Namiastką wspólnych zajęć pozostały w niektórych klubach wideotreningi, ale też w ograniczonym zakresie (w Pogoni np. taką formę miały zajęcia rehabilitujących się piłkarzy, żeby trener przygotowania fizycznego mógł patrzeć, czy dokładnie wykonują ćwiczenia i je korygować). W niektórych klubach, np. w Rakowie Częstochowa, do treningów kondycyjnych w domach doszły też zajęcia teoretyczne, z taktyki. A teraz wiele klubów Ekstraklasy postanowiło już zakończyć utrzymywanie fikcji, czyli gotowości do tego, że mecze mogą wrócić z dnia na dzień.

Zobacz wideo

- Za nami trzy bardzo trudne dla piłkarzy tygodnie. Czas, kiedy były obciążone nie tylko mięśnie, mocnymi treningami indywidualnymi, ale też głowy. Niepewność, zmiany decyzji z dnia na dzień, czekanie. Gdy rząd zaostrzył reguły, chłopcy nam psychicznie oklapli i musieliśmy zareagować. Dlatego zdecydowaliśmy, że do 19 kwietnia piłkarze mają wolne, mogą się rozjechać do domów, odświeżyć głowy - mówi Sport.pl dyrektor sportowy Pogoni Szczecin Dariusz Adamczuk.

Do Niemiec wyjechał na święta trener Kosta Runjaić, wyjechało też z Polski pięciu zagranicznych zawodników, w tym wspomniany Paweł Cibicki. Piłkarze zabrali ze sobą sprzęt do domowych treningów, bo to ma być czas zmniejszonych obciążeń, a nie całkowicie wolny od zajęć. - My też na początku tygodnia daliśmy piłkarzom dwa tygodnie wolnego na oczyszczenie głów. To w pewnym sensie skoordynowana akcja klubów. Była pewna sugestia z góry, żeby tak zrobić - mówi właściciel Rakowa Częstochowa Michał Świerczewski.

Polskie kluby patrzą na Bundesligę

- Nie można być tak długo w stanie ciągłej gotowości do powrotu. Gdy nie ma żadnej pewnej daty powrotu, to wyniszcza psychicznie. Dlatego powiedzieliśmy piłkarzom, żeby najbliższy czas potraktowali trochę jak urlop. Ze świadomością, że letniego urlopu nie będą mieli, bo jeśli wrócimy, to już do końca roku będziemy w rytmie treningów i meczów - mówi Sport.pl trener Legii Aleksandar Vuković. Legia akurat swoich obcokrajowców nie puściła do domu na święta. Ale będzie wolne od treningów na trzy, cztery dni. A w ostatnich dniach obciążenia podczas ćwiczeń były już zmniejszone.  

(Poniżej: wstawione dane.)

(* Let $\Sigma\subseteq\Delta\subseteq\mathcal L_\Diamond$ be closed under subformulas with $\Sigma$ finite, let $\mathcal W$ be a finite $\Sigma$-labelled frame, let $\mathcal X$ be a $\Delta$-labelled frame, and let $w\in|\mathcal W|$, $x\in|\mathcal X|$. Then: (1) if $\mathrm{Sim}(w)\in\ell^-_{\mathcal X}(x)$, then there is $y\succcurlyeq x$ such that $(\mathcal W,w)\rightharpoonup(\mathcal X,y)$; (2) if there is $y\succcurlyeq x$ such that $(\mathcal W,w)\rightharpoonup(\mathcal X,y)$, then $\mathrm{Sim}(w)\notin\ell^+_{\mathcal X}(x)$. In particular, if $\Delta=\mathcal L_\Diamond$, then $\mathrm{Sim}(w)\in\ell^-_{\mathcal X}(x)$ if and only if there is $y\succcurlyeq x$ with $(\mathcal W,w)\rightharpoonup(\mathcal X,y)$.
   Context: $\mathcal L_\Diamond$ is the propositional language with $\bot,\wedge,\vee,\to$ and unary modalities $\bigcirc$, $\Diamond$. For $\Sigma$ closed under subformulas, a $\Sigma$-type is a pair $\Phi=(\Phi^-;\Phi^+)$ of subsets of $\Sigma$ with: $\Phi^-\cap\Phi^+=\varnothing$; $\Phi^-\cup\Phi^+=\Sigma$; $\bot\notin\Phi^+$; for $\varphi\wedge\psi\in\Sigma$, $\varphi\wedge\psi\in\Phi^+$ iff $\varphi,\psi\in\Phi^+$; for $\varphi\vee\psi\in\Sigma$, $\varphi\vee\psi\in\Phi^+$ iff $\varphi\in\Phi^+$ or $\psi\in\Phi^+$; if $\varphi\to\psi\in\Phi^+$ then $\varphi\in\Phi^-$ or $\psi\in\Phi^+$; if $\Diamond\varphi\in\Phi^-$ then $\varphi\in\Phi^-$. $\Phi\preccurlyeq_T\Psi$ iff $\Phi^+\subseteq\Psi^+$; for a $\Sigma$-type $\Phi$ and $\Delta$-type $\Psi$ ($\Sigma\subseteq\Delta$), $\Phi\subseteq_T\Psi$ iff $\Phi^-\subseteq\Psi^-$ and $\Phi^+\subseteq\Psi^+$. A $\Sigma$-labelled frame is $(W,\preccurlyeq,\ell)$ with $\preccurlyeq$ a partial order on $W$, $\ell$ mapping $W$ to $\Sigma$-types, $w\preccurlyeq v\Rightarrow\ell(w)\preccurlyeq_T\ell(v)$, and whenever $\varphi\to\psi\in\ell^-(w)$ there is $v\succcurlyeq w$ with $\varphi\in\ell^+(v)$, $\psi\in\ell^-(v)$. A simulation between a $\Sigma$-labelled frame $\mathcal X$ and a $\Delta$-labelled frame $\mathcal Y$ is a relation $E\subseteq|\mathcal X|\times|\mathcal Y|$ that is forward-confluent (if $x\,E\,y$ and $x\preccurlyeq x'$ then there is $y'\succcurlyeq y$ with $x'\,E\,y'$) and such that $x\,E\,y$ implies $\ell_{\mathcal X}(x)\subseteq_T\ell_{\mathcal Y}(y)$. We write $(\mathcal X,x)\rightharpoonup(\mathcal Y,y)$ if some simulation $E$ has $x\,E\,y$. For a finite $\Sigma$-labelled frame $\mathcal W$ and $w\in|\mathcal W|$, the formula $\mathrm{Sim}(w)$ is defined by backwards induction on the strict order $\prec$ of $\mathcal W$: $\mathrm{Sim}(w)=\bigwedge\ell^+(w)\to\big(\bigvee\ell^-(w)\vee\bigvee_{v\succ w}\mathrm{Sim}(v)\big)$, with $\bigwedge\varnothing=\top$, $\bigvee\varnothing=\bot$. (Here $\ell^{\pm}(w)$ are finite as $\Sigma$ is finite; the formula $\mathrm{Sim}(w)$ is assumed to belong to $\Delta$ when evaluated against $\ell_{\mathcal X}$.) *)

From HB Require Import structures.
From mathcomp Require Import all_boot.
Set Implicit Arguments. Unset Strict Implicit. Unset Printing Implicit Defensive.

Inductive form : Type :=
| Var of nat
| Bot
| And of form & form
| Or of form & form
| Imp of form & form
| Next of form
| Dia of form.

Definition form_eq_dec (a b : form) : {a = b} + {a <> b}.
Proof. decide equality; decide equality. Defined.

Definition form_eqb (a b : form) : bool := if form_eq_dec a b then true else false.
Lemma form_eqP : Equality.axiom form_eqb.
Proof. move=> a b; rewrite /form_eqb; case: form_eq_dec => h; [left|right]; done. Qed.
HB.instance Definition _ := hasDecEq.Build form form_eqP.

Definition Top : form := Imp Bot Bot.

Fixpoint bigAnd (s : seq form) : form :=
  match s with
  | [::] => Top
  | [:: a] => a
  | a :: s' => And a (bigAnd s')
  end.
Fixpoint bigOr (s : seq form) : form :=
  match s with
  | [::] => Bot
  | [:: a] => a
  | a :: s' => Or a (bigOr s')
  end.

(* closure under (immediate, hence all) subformulas *)
Definition subf_closed (S : form -> Prop) : Prop :=
  (forall a b, S (And a b) -> S a /\ S b) /\
  (forall a b, S (Or a b) -> S a /\ S b) /\
  (forall a b, S (Imp a b) -> S a /\ S b) /\
  (forall a, S (Next a) -> S a) /\
  (forall a, S (Dia a) -> S a).

Definition is_type (S : form -> Prop) (m p : form -> Prop) : Prop :=
  (forall f, ~ (m f /\ p f)) /\
  (forall f, S f <-> (m f \/ p f)) /\
  ~ p Bot /\
  (forall a b, S (And a b) -> (p (And a b) <-> p a /\ p b)) /\
  (forall a b, S (Or a b) -> (p (Or a b) <-> p a \/ p b)) /\
  (forall a b, p (Imp a b) -> m a \/ p b) /\
  (forall a, m (Dia a) -> m a).

(* (X, le, l) with l(x) = (m x ; p x) is an S-labelled frame *)
Definition is_lframe (S : form -> Prop) (X : Type) (le : X -> X -> Prop)
  (m p : X -> form -> Prop) : Prop :=
  (forall x, le x x) /\
  (forall x y z, le x y -> le y z -> le x z) /\
  (forall x y, le x y -> le y x -> x = y) /\
  (forall x, is_type S (m x) (p x)) /\
  (forall x y, le x y -> forall f, p x f -> p y f) /\
  (forall x a b, m x (Imp a b) -> exists y, le x y /\ p y a /\ m y b).

Definition is_simulation (X Y : Type)
  (leX : X -> X -> Prop) (mX pX : X -> form -> Prop)
  (leY : Y -> Y -> Prop) (mY pY : Y -> form -> Prop)
  (E : X -> Y -> Prop) : Prop :=
  (forall x y x', E x y -> leX x x' -> exists y', leY y y' /\ E x' y') /\
  (forall x y, E x y -> (forall f, mX x f -> mY y f) /\ (forall f, pX x f -> pY y f)).

Definition simulates (X Y : Type)
  (leX : X -> X -> Prop) (mX pX : X -> form -> Prop)
  (leY : Y -> Y -> Prop) (mY pY : Y -> form -> Prop) (x : X) (y : Y) : Prop :=
  exists E, is_simulation leX mX pX leY mY pY E /\ E x y.

(* Finite Sigma-labelled frame W: Sigma given as a finite list, label of w
   given by its positive part lp w (a boolean predicate); the negative part
   is Sigma minus the positive part. *)
Definition lminusW (Sig : seq form) (W : Type) (lp : W -> pred form) (w : W) (f : form) : Prop :=
  (f \in Sig) && ~~ lp w f.
Definition lplusW (W : Type) (lp : W -> pred form) (w : W) (f : form) : Prop := lp w f.

(* Sim(w), by backwards induction on the strict order; the fuel #|W| is
   always sufficient since strict chains in W have at most #|W| elements. *)
Fixpoint SimF (Sig : seq form) (W : finType) (le : rel W) (lp : W -> pred form)
  (n : nat) (w : W) : form :=
  match n with
  | 0 => Bot
  | n'.+1 =>
      Imp (bigAnd [seq f <- Sig | lp w f])
          (Or (bigOr [seq f <- Sig | ~~ lp w f])
              (bigOr [seq SimF Sig le lp n' v | v <- enum W & le w v && (v != w)]))
  end.

Definition Sim (Sig : seq form) (W : finType) (le : rel W) (lp : W -> pred form) (w : W) : form :=
  SimF Sig le lp #|W| w.

(* If Sim(w) is
   refuted at x, some y >= x makes every formula of l+(w) true and every
   disjunct false; so l(w) sits inside l(y), and inductively each strict
   successor v of w simulates into a point above y, which together give a
   simulation of w into y.  Conversely, a simulation of w into y >= x forces
   /\ l+(w) true at y while no disjunct can be true there, so Sim(w) is not
   true at x.  The induction runs on the size of the strict up-set of w, which
   decreases along the strict order and is below #|W|: this is why the fuel
   #|W| in Sim suffices. *)

From Corelib Require Import Setoid.
From mathcomp Require Import all_boot.

Set Implicit Arguments.
Unset Strict Implicit.

Lemma subf_And D a b : subf_closed D -> D (And a b) -> D a /\ D b.
Proof. by case=> h _; apply: h. Qed.

Lemma subf_Or D a b : subf_closed D -> D (Or a b) -> D a /\ D b.
Proof. by case=> _ [h _]; apply: h. Qed.

Lemma subf_Imp D a b : subf_closed D -> D (Imp a b) -> D a /\ D b.
Proof. by case=> _ [_ [h _]]; apply: h. Qed.

Section LabelledFrame.

Variables (D : form -> Prop) (X : Type) (le : X -> X -> Prop) (m p : X -> form -> Prop).
Hypothesis hX : is_lframe D le m p.

Lemma lframe_refl x : le x x.
Proof. by case: hX. Qed.

Lemma lframe_trans x y z : le x y -> le y z -> le x z.
Proof. by case: hX => _ [htr _]; apply: htr. Qed.

Lemma lframe_antisym x y : le x y -> le y x -> x = y.
Proof. by case: hX => _ [_ [han _]]; apply: han. Qed.

Lemma lframe_mono x y f : le x y -> p x f -> p y f.
Proof. by case: hX => _ [_ [_ [_ [hmono _]]]] lxy; apply: hmono. Qed.

Lemma lframe_refute x a b : m x (Imp a b) -> exists y, le x y /\ p y a /\ m y b.
Proof. by case: hX => _ [_ [_ [_ [_ href]]]]; apply: href. Qed.

Lemma lframe_type x : is_type D (m x) (p x).
Proof. by case: hX => _ [_ [_ [htype _]]]. Qed.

- My chyba też damy wolne. Choć to bardzo trudno ocenić, czy te ostatnie tygodnie były rzeczywiście tak intensywne dla piłkarzy. Czy ćwiczenie w domu i gdzieś ukradkiem poza nim było bardziej obciążające niż normalny rytm meczowy? Nie wiem. A najgorsze, że nie wiemy też, jak planować przyszłość. Kiedy rozgrywki wrócą, jeśli słyszę prognozy, że szczyt zachorowań ma być pod koniec maja albo na początku czerwca? - mówi Cezary Kulesza, prezes Jagiellonii Białystok.

- A może 19 kwietnia, gdy nasi piłkarze mają się stawić w gotowości, będą już decyzje, że można w Polsce trenować w małych grupkach? I potem te grupki by stopniowo rosły, aż do momentu, w którym można będzie trenować normalnie? Nasze światełko w tunelu to Niemcy - mówi Dariusz Adamczuk. To samo powtarzają Aleksandar Vuković i Michał Świerczewski: jeśli Bundeslidze - a właściwie Bundesligom, bo austriacka też próbuje szybszego powrotu - uda się wznowić rozgrywki na początku maja, i nie będzie komplikacji, to inne ligi też będą chciały pójść tą drogą. W Niemczech w tym tygodniu wszystkie kluby Bundesligi wróciły do treningów, na razie z piłkarzami podzielonymi na małe grupy. Plan jest taki, by zacząć grać w jeden z pierwszych weekendów maja i skończyć do końca czerwca. Przy założeniu, że piłkarze będą cały czas testowani, a zakażeni - poddawani kwarantannie, ale tylko oni, nie całe drużyny. Ale oficjalnej zgody władz państwowych na powrót Bundesligi jeszcze nie ma. I oczywiście w ten wariant powrotu wpisana jest gra bez publiczności. Trybuny pozostaną puste zapewne co najmniej do końca 2020 roku.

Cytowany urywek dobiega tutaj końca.